Кирк смотрел вверх чужими, серебристо-серыми, мертвыми глазами.
* * *
Маккой вернулся к себе в каюту, наполнил свой бокал, сдобрив виски солидной порцией слез, и опустился в кресло. Пить не хотелось, утирать бегущие по лицу слезы – тоже. Он сжимал бокал, как будто надеялся, что легкая прохлада хрупкого сосуда утешит его в безысходном, немом гор'е.
– Доктор Маккой…
Маккой вздрогнул от неожиданности, бурбон выплеснулся из бокала, обдав холодком его руки. Не раздумывая, он выпил остаток, со стуком поставил бокал на стол.
– Что вам угодно, мистер Спок?
Спок требовательно смотрел на него:
– Я думаю, вы понимаете, зачем я пришел?
– Нет, не понимаю. Объяснитесь.
Ничего не сказав, Спок вышел из каюты и, скрестив руки, встал перед блоком экранов. Немного помедлив, доктор нехотя поднялся и подошел к нему.
– Доктор Маккой, капитан Кирк мертв.
– Машины этого не говорят, – с сарказмом ответил Маккой и неожиданно вспомнил, как однажды Кирк со смехом спросил его: «Дружище, с каких-таких пор ты стал доверять машинам?»
– Только об этом и говорят все ваши машины.
Маккой тяжело опустил плечи, попытался что то объяснить:
– Спок, жизнь – это нечто большее электрического сигнала. Может быть, нам как-нибудь…
– Его мозг мертв, доктор Маккой.
Доктор поежился от этих жестких и жестоких слов, хоть и сознавал, что в них сосредоточена вся правда о Джиме. Его затуманенный алкоголем мозг протестовал против такой правды, утверждая, что пока доктор верит в возможность выздоровления Кирка, эта возможность существует.
– Я держал связь с его разумом до самой его смерти. Доктор, я слышал, как он умирал. Вы знаете, как распространяется «паутина»? Ее усики обвиваются вокруг нервных волокон. Затем они…
– Я изучал военную медицину, Спок. Даже больше, чем вы, дольше, чем вы.

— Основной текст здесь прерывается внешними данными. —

Section SmallNormalSubset.
Variables (T : finType) (O : {set T}) (p : nat).
Variables (X : {group {perm T}}) (S : {set {perm T}}).
Hypotheses (p_pr : prime p) (card_O : #|O| = p) (sXSym : X \subset perm.Sym O).
Hypotheses (p_dvd_X : p %| #|X|) (sSX : S \subset X) (S1 : 1 \in S).
Hypotheses (card_S : #|S| <= p) (nSX : {in S & X, forall s x, s ^ x \in S}).

Let perm_on_X x : x \in X -> perm_on O x.
Proof. by move/(subsetP sXSym); rewrite inE. Qed.

Lemma card_class_nt s : s \in S -> s != 1 -> 0 < #|s ^: X| < p.
Proof.
move=> Ss s_nt; rewrite card_gt0; apply/andP; split.
  by apply/set0Pn; exists s; apply: class_refl.
have sub_S1 : s ^: X \subset S :\ 1.
  apply/subsetP=> _ /imsetP [x Xx ->]; rewrite !inE nSX // andbT.
  by apply: contra s_nt => /eqP/(canRL (conjgK x)); rewrite conj1g => ->.
apply: leq_ltn_trans (subset_leq_card sub_S1) _.
by move: card_S; rewrite (cardsD1 1 S) S1.
Qed.

Lemma cent1_eq_cycle s : s \in S -> s != 1 -> 'C_X[s] = <[s]> /\ #[s] = p.
Proof.
move=> Ss s_nt; have Xs := subsetP sSX s Ss.
have p_dvd_C : p %| #|'C_X[s]|.
  have /andP [class_gt0 class_lt] := card_class_nt Ss s_nt.
  have p'class : ~~ (p %| #|s ^: X|) by rewrite gtnNdvd.
  move: p_dvd_X; rewrite -(Lagrange (subsetIl X 'C[s])) index_cent1.
  by rewrite Euclid_dvdM // (negbTE p'class) orbF.
have [c /setIP [Xc /cent1P csc] oc] := Cauchy p_pr p_dvd_C.
have s_c : s \in <[c]> :=
  cent_prime_cycle p_pr card_O (perm_on_X Xc) (perm_on_X Xs) oc (commute_sym csc).
have os : #[s] = p.
  have : #[s] %| p by rewrite -oc; apply: cardSg; rewrite cycle_subG.
  by case/primeP: p_pr => _ /[apply] /orP [|/eqP //]; rewrite order_eq1 (negbTE s_nt).
split=> //; apply/eqP; rewrite eqEsubset andbC subsetI !cycle_subG Xs cent1id /=.
apply/subsetP=> g /setIP [Xg /cent1P cgs].
exact (cent_prime_cycle p_pr card_O (perm_on_X Xs) (perm_on_X Xg) os cgs).
Qed.

Lemma Syl_eq_cycle s : s \in S -> s != 1 -> 'Syl_p(X) = [set <[s]>%G].
Proof.
move=> Ss s_nt; have Xs := subsetP sSX s Ss.
have [cent_s os] := cent1_eq_cycle Ss s_nt.
have index_s : #|X : <[s]>| = #|s ^: X| by rewrite -cent_s index_cent1.
have /andP [class_gt0 class_lt] := card_class_nt Ss s_nt.
have syl_s : p.-Sylow(X) <[s]>.
  rewrite /pHall cycle_subG Xs /pgroup -orderE os pnat_id // index_s.
  by rewrite p'natE // gtnNdvd.
have nSyl_dvd : #|'Syl_p(X)| %| #|s ^: X|.
  by rewrite (card_Syl syl_s) -index_s indexgS // subsetI cycle_subG Xs normG.
have := card_Syl_mod X p_pr; rewrite modn_small; last first.
  exact: leq_ltn_trans (dvdn_leq class_gt0 nSyl_dvd) class_lt.
move/eqP/cards1P=> [P defSyl].
have : <[s]>%G \in 'Syl_p(X) by rewrite inE.
by rewrite defSyl inE => /eqP ->.
Qed.

Lemma subset_cycle s : s \in S -> s != 1 -> S \subset <[s]>.
Proof.
move=> Ss s_nt; apply/subsetP=> t St.
have [-> | t_nt] := eqVneq t 1; first exact: group1.
have /set1_inj/(congr1 val)/= <- : [set <[t]>%G] = [set <[s]>%G].
  by rewrite -(Syl_eq_cycle Ss s_nt) (Syl_eq_cycle St t_nt).
exact: cycle_id.
Qed.
(* There is a deterministic algorithm ($1$-Cover) which, given $n \ge 81$ elements, makes at most $3 n^{3/2}$ comparisons and outputs a $1$-max-set of size at most $\sqrt{n}$.
   Context: Model of imprecise comparisons: there are $n$ elements, each with a fixed unknown real value; we identify an element with its value. Asked to compare $x_i$ and $x_j$, the comparator answers either ''$x_i \ge x_j$'' or ''$x_j \ge x_i$''. If $|x_i-x_j|>1$ the answer is correct; if $|x_i-x_j|\le 1$ the answer is arbitrary (possibly adversarial and adaptive). Let $x^*$ be the maximum value of an input element. A $k$-max-set is a subset of the input elements containing at least one element of value at least $x^*-k$. Bounds on comparisons are worst case over inputs and comparator behaviours, and the guarantee must hold for all of them. *)

From HB Require Import structures.
From mathcomp Require Import all_boot all_order all_algebra.
From mathcomp Require Import reals.
Set Implicit Arguments. Unset Strict Implicit. Unset Printing Implicit Defensive.
Import Order.TTheory GRing.Theory Num.Theory.
Local Open Scope ring_scope.

(* A deterministic comparison algorithm on n elements (indexed by 'I_n) is a
   finite decision tree: either it stops and outputs a subset of the elements,
   or it compares x_i and x_j and continues in the first subtree if the answer
   is "x_i >= x_j" and in the second if the answer is "x_j >= x_i". *)
Inductive dtree (n : nat) : Type :=
  | Leaf of {set 'I_n}
  | Query of 'I_n & 'I_n & dtree n & dtree n.

(* run x T c S : with values x, some (possibly adversarial, adaptive) behaviour
   of the imprecise comparator leads T to output S after exactly c comparisons. *)
Inductive run (R : realType) (n : nat) (x : 'I_n -> R)
  : dtree n -> nat -> {set 'I_n} -> Prop :=
  | run_leaf (S : {set 'I_n}) : run x (Leaf S) 0 S
  | run_ge (i j : 'I_n) (tl tr : dtree n) (c : nat) (S : {set 'I_n}) :
      ~ (1 < `|x i - x j| /\ x i < x j) ->
      run x tl c S -> run x (Query i j tl tr) c.+1 S
  | run_le (i j : 'I_n) (tl tr : dtree n) (c : nat) (S : {set 'I_n}) :
      ~ (1 < `|x i - x j| /\ x j < x i) ->
      run x tr c S -> run x (Query i j tl tr) c.+1 S.

Definition is_kmaxset (R : realType) (n : nat) (x : 'I_n -> R) (k : R)
  (S : {set 'I_n}) : Prop :=
  exists2 i, i \in S & forall j : 'I_n, x j - k <= x i.

From HB Require Import structures.
From mathcomp Require Import all_boot all_order all_algebra.
From mathcomp Require Import reals zify lra.
From Stdlib Require PeanoNat.
Import Order.TTheory GRing.Theory Num.Theory.

Set Implicit Arguments. Unset Strict Implicit. Unset Printing Implicit Defensive.

(* 1-Cover keeps a set C of candidates, initially all elements.  A round takes
   the first 2h candidates, plays a round robin among them, outputs the player
   w with most wins and discards w together with every player w beat.  Since w
   beat at least half of the others, the q(q-1)/2 comparisons of a round of q
   players are at most (2h-2) per discarded candidate, hence (2h-2)n in total;
   and a round discards about h candidates, so h ~ 3 sqrt(n)/2 leaves at most
   sqrt(n) rounds.  The maximum stays a candidate until it is discarded, which
   only happens when it loses to w, and then w is within 1 of it. *)

Section Rounds.

Variable h : nat.

(* [rounds h m] bounds the number of rounds started with [m] candidates: a
   round of [q = minn h.*2 m] players discards at least [q %/ 2 + 1] of them. *)
Definition shrink (m : nat) : nat := m - minn h.*2 m %/ 2 - 1.

Fixpoint rounds_fuel (fuel m : nat) : nat :=
  if fuel is f.+1 then (if m is 0 then 0 else (rounds_fuel f (shrink m)).+1) else 0.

– Головной мозг капитана разрушен. На выздоровление нет никакой надежды.
– Спок…
– Оставшееся тело – это всего лишь оболочка. В нем не больше жизни, чем в лишенном энергии клоне, ждущем своего хозяина, чтобы тот разрезал его на составные части.
Маккой бросился к нему с поднятыми кулаками:
– Да будьте вы прокляты, Спок! Будьте прокляты!..
Спок легко перехватил его правую руку, не очень резко завернул ее за спину и сам оказался за спиной доктора. Тот попытался дотянуться до него левой, но услышал:
– Доктор Маккой, вы же знаете, что я прав.
Маккой сокрушенно сгорбился.
– Вы не можете держать его дольше. Вы сделали все возможное и невозможное, чтобы спасти его. И не ваша вина, что он был обречен с момента ранения. Эта неудача не уронит вашей чести, если вы не будете разыгрывать эту уродливую пародию на жизнь. Дайте ему спокойно уйти!.. Я прошу вас… Дайте ему уйти!
Вулканец говорил с пронзительной убежденностью. Маккой взглянул на него через плечо, и Спок разжал свои руки, сделал шаг в сторону, чтобы скрыть свою собственную печаль и собственное отчаяние, которые могли скрутить и его, как они скрутили Маккоя.